La llegada de Fendt a la Argentina reaviva el debate sobre la estrategia de las compañías respecto a dividir sus negocios o encararlos bajo el concepto de monomarca.
Con el arribo de Fendt al mercado argentino, el grupo AGCO replicará en el país el modelo de múltiples marcas que la multinacional propone para el segmento de tractores (y otros rubros) en distintas partes del mundo.
En rigor, la compañía ya competía en Argentina con una oferta multimarca en tractores, cosechadoras y pulverizadoras, con sus líneas diferenciadas de Massey Ferguson, Valtra, y Challenger.
Ahora le sumará la opción de Fendt en tractores y cosechadoras, m{as la variante de Rogator en pulverizadoras.
Multimarcas
En esa política de jugar con varias marcas, AGCO no está sola, ya que también CNH divide su propuesta en en Argentina con las cartas de Case IH y New Holland.
En otros lugares del mundo, CNH suma otras marcas específicas, como Steyr en tractores, Miller en pulverizadoras y Flexi-Coil en sembradoras, por ejemplo.
Mantener a Steyr en funcionamiento, en lugar de absorberla totalmente en Case IH o New Holland, preserva la opción de desarrollarla como una marca especializada o premium.
Incluso, en Europa corrió el rumor sobre la intención de convertir a Steyr en un rival de Fendt.
Monomarca
Frente a un abanico de varios colores corporativos, hay empresas, como John Deere, Claas y Kuhn, que prefieren apostar todas las fichas a una sola marca referencial.
Por supuesto, a lo largo de sus respectivas historias, esas compañías han adquirido a otras para sumar su tecnología.
Si bien John Deere ha mantenido determinadas marcas con su identidad (Pla es un ejemplo en Argentina), también impulsa procesos de absorción hasta que su identidad cubre la gama de máquinas de la firma comprada.
Algo similar hizo Claas, tras hacerse cargo de la fábrica de tractores de Renault en 2003. Transcurridos más de 20 años, ya nadie asocia los equipos con esa compañía francesa.
La marca Claas cubrió efectivamente todas las gamas de tractores producidas desde entonces, repitiendo la estrategia de monomarca.
Dilema
Un argumento para sostener un modelo de negocio basado en distintas marcas consiste en que así se pueden atacar diferentes mercados.

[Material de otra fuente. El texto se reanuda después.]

(* Let $\mathscr{G}_n$ be a simple, verbose $\upsilon$-reduction grammar, let $\varphi = \lambda(T[\Uparrow(S)])$, and let $t = (\lambda a)[s][s_1]\cdots[s_w]$ be a $\lambda\upsilon$-term ($w\ge 0$). Then $t$ normalises in exactly $n+1$ normal-order $\upsilon$-steps if and only if there exists a unique term $\pi = (\lambda(\alpha[\Uparrow(\sigma)]))[\sigma_1]\cdots[\sigma_w] \in \Delta_\varphi^n$ such that $t \in L\big((\lambda\alpha)[\sigma][\sigma_1]\cdots[\sigma_w]\big)$.
   Context: $\lambda\upsilon$-terms: $t ::= \underline{n} \mid \lambda t \mid t\,t \mid t[s]$; substitutions $s ::= t/ \mid \Uparrow(s) \mid\ \uparrow$; indices $\underline{n} ::= \underline{0} \mid \mathtt{S}\,\underline{n}$. The $\upsilon$-rules: $(a b)[s] \to a[s](b[s])$; $(\lambda a)[s] \to \lambda(a[\Uparrow(s)])$; $\underline{0}[a/] \to a$; $(\mathtt{S}\,\underline{n})[a/] \to \underline{n}$; $\underline{0}[\Uparrow(s)] \to \underline{0}$; $(\mathtt{S}\,\underline{n})[\Uparrow(s)] \to \underline{n}[s][\uparrow]$; $\underline{n}[\uparrow] \to \mathtt{S}\,\underline{n}$. A term normalises in $k$ steps if leftmost-outermost $\upsilon$-reduction reaches a $\upsilon$-normal form in exactly $k$ steps. $\mathscr{F}$ is the ranked alphabet of $\lambda\upsilon$ symbols (application, closure $\cdot[\cdot]$ binary; $\lambda$, $\cdot/$, $\Uparrow$, $\mathtt{S}$ unary; $\uparrow,\underline{0}$ constants); $\mathscr{T}_{\mathscr{F}}(X)$ is the set of terms over $\mathscr{F}$ with variables from $X$. In a regular tree grammar with productions $X\to\alpha$, $L(\alpha)$ is the set of ground terms derivable from $\alpha$; a non-terminal is unambiguous if each ground term has at most one derivation from it; a production $X\to\alpha$ is self-referencing if $X$ occurs in $\alpha$, regular otherwise. $\Lambda$ has productions $T \to N \mid \lambda T \mid T T \mid T[S]$, $S \to T/ \mid \Uparrow(S) \mid \uparrow$, $N \to \underline{0} \mid \mathtt{S} N$. A $\upsilon$-reduction grammar $\mathscr{G}_n$ has axiom $G_n$, non-terminals $\mathscr{N}_n=\{T,S,N,G_0,\dots,G_n\}$, contains all productions of $\Lambda$, and each $G_k$ ($0\le k\le n$) is unambiguous with $L(G_k)$ the set of terms normalising in exactly $k$ steps. It is simple if its self-referencing productions are productions of $\Lambda$ or of the form $G_k \to \lambda G_k \mid G_0 G_k \mid G_k G_0$, and each regular production $G_k\to\alpha$ has $\alpha \in \mathscr{T}_{\mathscr{F}}(\{T,S,N,G_0,\dots,G_{k-1}\})$. It is verbose if none of its productions has the form $X \to G_k[\sigma_1]\cdots[\sigma_w]$. A term has closure width $w$ if $w$ is the largest integer with the term of the form $\chi[\sigma_1]\cdots[\sigma_w]$. A finite intersection partition $\Pi(\alpha,\beta)$ of $\alpha,\beta\in\mathscr{T}_{\mathscr{F}}(\mathscr{N}_n)$ is a finite set of terms in $\mathscr{T}_{\mathscr{F}}(\mathscr{N}_n)$ with pairwise disjoint languages whose union of languages is $L(\alpha)\cap L(\beta)$. For a template $\varphi = \chi[\tau_1]\cdots[\tau_d]$ of closure width $d$ and a production $X \to \gamma$ of $\mathscr{G}_n$ where $\gamma = \gamma'[\sigma_1]\cdots[\sigma_w]$ has closure width $w$, set $\Delta_\varphi(\gamma) = \Pi\big(\gamma,\ \chi[\tau_1]\cdots[\tau_d][S]\cdots[S]\big)$ with $w-d$ copies of $[S]$ appended, and $\Delta_\varphi^n = \bigcup\{\Delta_\varphi(\gamma) : G_n \to \gamma \text{ a production of } \mathscr{G}_n\}$. (Here $\varphi = \lambda(T[\Uparrow(S)])$ has closure width $d=0$.) *)

From Stdlib Require Import List Arith.
Import ListNotations.

(** Terms over the (single-sorted) ranked alphabet F with variables in X:
    T_F(X).  Ground terms are T_F(Empty_set). *)
Inductive tree (X : Type) : Type :=
| Var   : X -> tree X
| App   : tree X -> tree X -> tree X
| Clos  : tree X -> tree X -> tree X          (* a[s] *)
| Lam   : tree X -> tree X
| Slash : tree X -> tree X                    (* a/ *)
| Lift  : tree X -> tree X                    (* Uparrow(s) *)
| Succ  : tree X -> tree X
| Shift : tree X                              (* uparrow *)
| Zero  : tree X.
Arguments Var {X}. Arguments App {X}. Arguments Clos {X}. Arguments Lam {X}.
Arguments Slash {X}. Arguments Lift {X}. Arguments Succ {X}.
Arguments Shift {X}. Arguments Zero {X}.

Definition gterm := tree Empty_set.

Inductive sort := STerm | SSubst | SIndex.

Fixpoint wsorted (k : sort) (t : gterm) : bool :=
  match k, t with
  | SIndex, Zero => true
  | SIndex, Succ m => wsorted SIndex m
  | STerm, Zero => true
  | STerm, Succ m => wsorted SIndex m
  | STerm, Lam a => wsorted STerm a
  | STerm, App a b => wsorted STerm a && wsorted STerm b
  | STerm, Clos a s => wsorted STerm a && wsorted SSubst s
  | SSubst, Slash a => wsorted STerm a
  | SSubst, Lift s => wsorted SSubst s
  | SSubst, Shift => true
  | _, _ => false
  end.

Definition lterm (t : gterm) : Prop := wsorted STerm t = true.
Definition is_index (t : gterm) : bool := wsorted SIndex t.

Definition root_step (t : gterm) : option gterm :=
  match t with
  | Clos (App a b) s => Some (App (Clos a s) (Clos b s))
  | Clos (Lam a) s => Some (Lam (Clos a (Lift s)))
  | Clos Zero (Slash a) => Some a
  | Clos (Succ m) (Slash _) => Some m
  | Clos Zero (Lift _) => Some Zero
  | Clos (Succ m) (Lift s) => Some (Clos (Clos m s) Shift)
  | Clos m Shift => if is_index m then Some (Succ m) else None
  | _ => None
  end.

(** One leftmost-outermost (normal-order) upsilon-step; [None] iff the term
    is in upsilon-normal form. *)
Fixpoint lo_step (t : gterm) : option gterm :=
  match root_step t with
  | Some u => Some u
  | None =>
    match t with
    | App a b => match lo_step a with
                 | Some a' => Some (App a' b)
                 | None => option_map (App a) (lo_step b) end
    | Clos a b => match lo_step a with
                  | Some a' => Some (Clos a' b)
                  | None => option_map (Clos a) (lo_step b) end
    | Lam a => option_map Lam (lo_step a)
    | Slash a => option_map Slash (lo_step a)
    | Lift a => option_map Lift (lo_step a)
    | Succ a => option_map Succ (lo_step a)
    | _ => None
    end
  end.

Fixpoint lo_iter (k : nat) (t : gterm) : option gterm :=
  match k with
  | 0 => Some t
  | S k' => match lo_step t with Some u => lo_iter k' u | None => None end
  end.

Incluso, es posible instalarse en nichos diferenciados, como ocurre con AGCO en Estados Unidos, con la línea de implementos Sunflower, la marca que vende exclusivamente en ese mercado.
Como elemento negativo para la variante plurimarca está la necesidad de atender varios canales comerciales, dispersando esfuerzos y recursos.
Puede correrse el riesgo, especialmente en épocas de menores ventas, de priorizar una marca en desmedro de otra y condenar a ésta a un proceso de declinación.
Incluso, en la última edición de Agritechnica, fue claro que el stand de AGCO tenía su mayor parte dedicada a Fendt, mientras que Valtra y Massey Ferguson ocuparon un notable segundo plano.
Fusión
Un ejemplo de unificación de marcas se registró en 2023, cuando la compañía francesa Burel resolvió unificar todas sus marcas bajo una nueva denominación.
Por esa vía, Sulky, la marca de fertilizadoras con presencia en Sudamérica, desapareció como tal y se transformó en Sky Agriculture.
En rigor, Burel, propietaria de las marcas marcas Sulky, Sky y Prolog, las fusionó a todas bajo la bandera Sky Agriculture.
En ese momento explicó que era una elección estratégica, porque cada marca trabajaba con sus propios departamentos de producción y marketing.
Un caso especial es Kubota, que si bien en tractores y otros rubros mantiene su marca emblema, con las adquisiciones de los últimos años ya tiene un portfolio multimarcas entre los implementos: Gianni Ferrari (espacios verdes), BC Technique (desmalezado mecánico), Great Plains (sembradoras), ROC (rastrillos) y Kverneland (implementos), entre otras.